On May 30, 2006, more than ninety days after the date of Halebian's original demand letter, not having received a definitive response from the Demand Review Committee, Halebian filed a three-count complaint in the United States District Court for the Southern District of New York. In it, he alleges that following his demand letter, Halebian waited "the statutory time required"—ninety days—before filing his derivative claim;3 that such a period "provide[d] more than adequate time" for the Board to have reviewed Halebian's demand and have taken action; and that "[n]ot surprisingly, defendants have failed to take action against themselves." Compl. ¶ 51.

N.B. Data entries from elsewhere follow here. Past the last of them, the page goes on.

(* Let $\pi$ be a (not necessarily unique) QSD of $(X_t)_{0\le t<\tau_\partial}$, $\lambda=\lambda(\pi)$, and assume the combined Dobrushin and reverse Dobrushin condition (DRD) holds with set $A$, constants $c_0,c_1>0$ and times $t_0,t_1>0$. Define $t_3:=t_0+t_1$ and $c_3:=\lambda^{t_0}c_0c_1/\pi(A)$. Then $$\frac{P_{t_3}(x,\cdot)}{P_{t_3}1(x)}\ge c_3\,\pi(\cdot)\quad\text{for every }x\in\chi .$$
   Context: $\chi$ is a metric space with Borel $\sigma$-algebra; $\partial\notin\chi$ is a cemetery point. $(X_t)_{0\le t<\tau_\partial}$ is a killed Markov process on $\chi$ in discrete or continuous time, absorption time $\tau_\partial=\inf\{t\ge0:X_t=\partial\}$, submarkovian semigroup $P_t(x,A)=\mathbb P_x(X_t\in A,\tau_\partial>t)$; $K1(x)=K(x,\chi)$ for a kernel $K$. A QSD is a probability measure $\pi$ with $\mathbb P_\pi(X_t\in\cdot\mid\tau_\partial>t)=\pi$ for all $t$; $\lambda(\pi):=\mathbb P_\pi(\tau_\partial>1)$. Reverse Dobrushin condition (RD): there exist $t_0>0$ and a submarkovian kernel $R$ with $\pi(dx)P_{t_0}(x,dy)=\pi(dy)R(y,dx)$ as measures on $\chi\times\chi$, and $c_0>0$, $\nu\in\mathcal P(\chi)$ with $R(y,\cdot)/R1(y)\ge c_0\nu(\cdot)$ for $\pi$-a.e. $y$. Condition (DRD): there are a Borel set $A\subseteq\chi$, a probability measure $\nu_1$ with $\nu_1(\chi\setminus A)=0$, $c_1>0$ and $t_1>0$ such that $P_{t_1}1(x)>0$ for all $x$ and $P_{t_1}(x,\cdot)/P_{t_1}1(x)\ge c_1\nu_1(\cdot)$ for all $x\in\chi$ (this forces $\pi(A)>0$); and (RD) holds with $\nu:=\pi|_A/\pi(A)$ and some $c_0>0$, $t_0>0$. *)

From HB Require Import structures.
From mathcomp Require Import all_boot all_order all_algebra.
From mathcomp Require Import all_classical all_reals all_analysis.
Set Implicit Arguments. Unset Strict Implicit. Unset Printing Implicit Defensive.
Import Order.TTheory GRing.Theory Num.Theory.
Local Open Scope classical_set_scope.
Local Open Scope ring_scope.

Definition borel_space (T : ptopologicalType) := g_sigma_algebraType (@open T).

Section defs.
Variables (R : realType) (T : ptopologicalType).
Local Notation X := (borel_space T).

Definition is_time (disc : bool) (t : R) : Prop :=
  if disc then exists n : nat, t = n%:R else 0 <= t.
(* Let $s$ be a node and let $U$ be a nonempty set of neighbors of $s$ in the communication graph $G$ (the ''unexplored neighbors'' of $s$), and let $m=|U|$. Suppose procedure ESUN is run with $s$ as initiator, with only the nodes of $U$ transmitting during it. Then, for appropriately chosen constants $d$ and $\epsilon'$ in the procedure, the upper bound $x$ declared by $s$ satisfies $m\le x\le 16m$ with high probability.
   Context: Model: $n$ nodes in the Euclidean plane with unique names in $\{1,\dots,N\}$, $N\ge n$ ($N$ a power of 2); synchronous rounds, each node transmits or listens in each round, no collision detection. Uniform power $P$, parameters $\alpha>2$, $\mathcal{N}>0$, $\beta\ge1$, $\varepsilon\in(0,1)$, $r=(P/(\mathcal{N}\beta))^{1/\alpha}$. If set $\mathcal{T}$ transmits, $u\notin\mathcal{T}$ receives the message of $v\in\mathcal{T}$ iff $\frac{P\,\mathrm{dist}(v,u)^{-\alpha}}{\mathcal{N}+\sum_{w\in\mathcal{T}\setminus\{v\}}P\,\mathrm{dist}(w,u)^{-\alpha}}\ge\beta$ and $\mathrm{dist}(v,u)\le(1-\varepsilon)r$. Communication graph $G$: $u,v$ adjacent iff $\mathrm{dist}(u,v)\le(1-\varepsilon)r$. Procedure ESUN (Estimate the Size of the Unexplored Neighborhood), initiated by $s$: Stage 1 consists of $\log N$ sub-stages; in sub-stage $i$ ($i=1,\dots,\log N$), for $d\log N$ rounds, each node of $U$ independently transmits in each round with probability $1/2^i$, while $s$ listens; let $n_i$ be the number of rounds of sub-stage $i$ in which $s$ successfully receives a message. Stage 2: let $k$ be the largest $i$ with $n_i\ge \frac{d\log N}{8}(1-\epsilon')$; $s$ declares $x=2^k$ as an upper bound on the size of its unexplored neighborhood. ''With high probability'' means with probability at least $1-n^{-d''}$ for a sufficiently large constant $d''\ge1$. *)

From HB Require Import structures.
From mathcomp Require Import all_boot all_order all_algebra.
From mathcomp Require Import reals exp.
Set Implicit Arguments. Unset Strict Implicit. Unset Printing Implicit Defensive.
Import Order.TTheory GRing.Theory Num.Theory.
Local Open Scope ring_scope.

Definition dist (R : realType) (p q : R * R) : R :=
  Num.sqrt ((p.1 - q.1) ^+ 2 + (p.2 - q.2) ^+ 2).

Definition srange (R : realType) (alpha beta noise P : R) : R :=
  (P / (noise * beta)) `^ alpha^-1.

Claim One, styled as a derivative claim for breach of fiduciary duty, alleges that members of the Board breached their fiduciary duties of good faith and loyalty under Massachusetts law in their "consider[ation of] the Citigroup/Legg Mason transaction and in recommending the new advisory agreements." Id. ¶ 54. The complaint alleges that the "[d]efendants limited their consideration to whether the ... transaction would be worse for CitiTrust's beneficiaries than their current situation" and "made no effort to investigate whether a transaction could be fashioned which would benefit CitiTrust's beneficiaries, either with Legg Mason or another asset manager." Id. ¶ 36. Halebian contends that the soft-dollar arrangements allow for the payment of "higher than necessary brokerage commissions," id. ¶ 43, referring to those payments as "kickback[s]," id. ¶ 44.4

Claim Two, styled as a direct claim on behalf of Halebian and members of a class of "all persons and entities who held shares of beneficial interest in CitiTrust on August 22, 2005 (the `Class')," id. ¶ 26, alleges that the proxy statement at issue violated section 20(a) of the Investment Company Act of 1940 (the "ICA"), 15 U.S.C. § 80a-20(a), because it contained material misstatements and omissions. First, the echo voting procedures described in the proxy statement violated federal law—section 15(a) of the ICA, 15 U.S.C. § 80a-15(a)—and unspecified provisions of Massachusetts law, and that the proxy statement was misleading because it did not so state. Compl. ¶¶ 47, 60. Second, the proxy statement failed to disclose that by virtue of the Transaction, assets of CitiTrust were "diver[ted] ... for the benefit of others," id. ¶ 60, presumably via soft dollar payments. Based on this "material false and misleading information," Halebian alleges, the "[d]efendants secured approval of the new advisory agreements." Id. ¶ 61.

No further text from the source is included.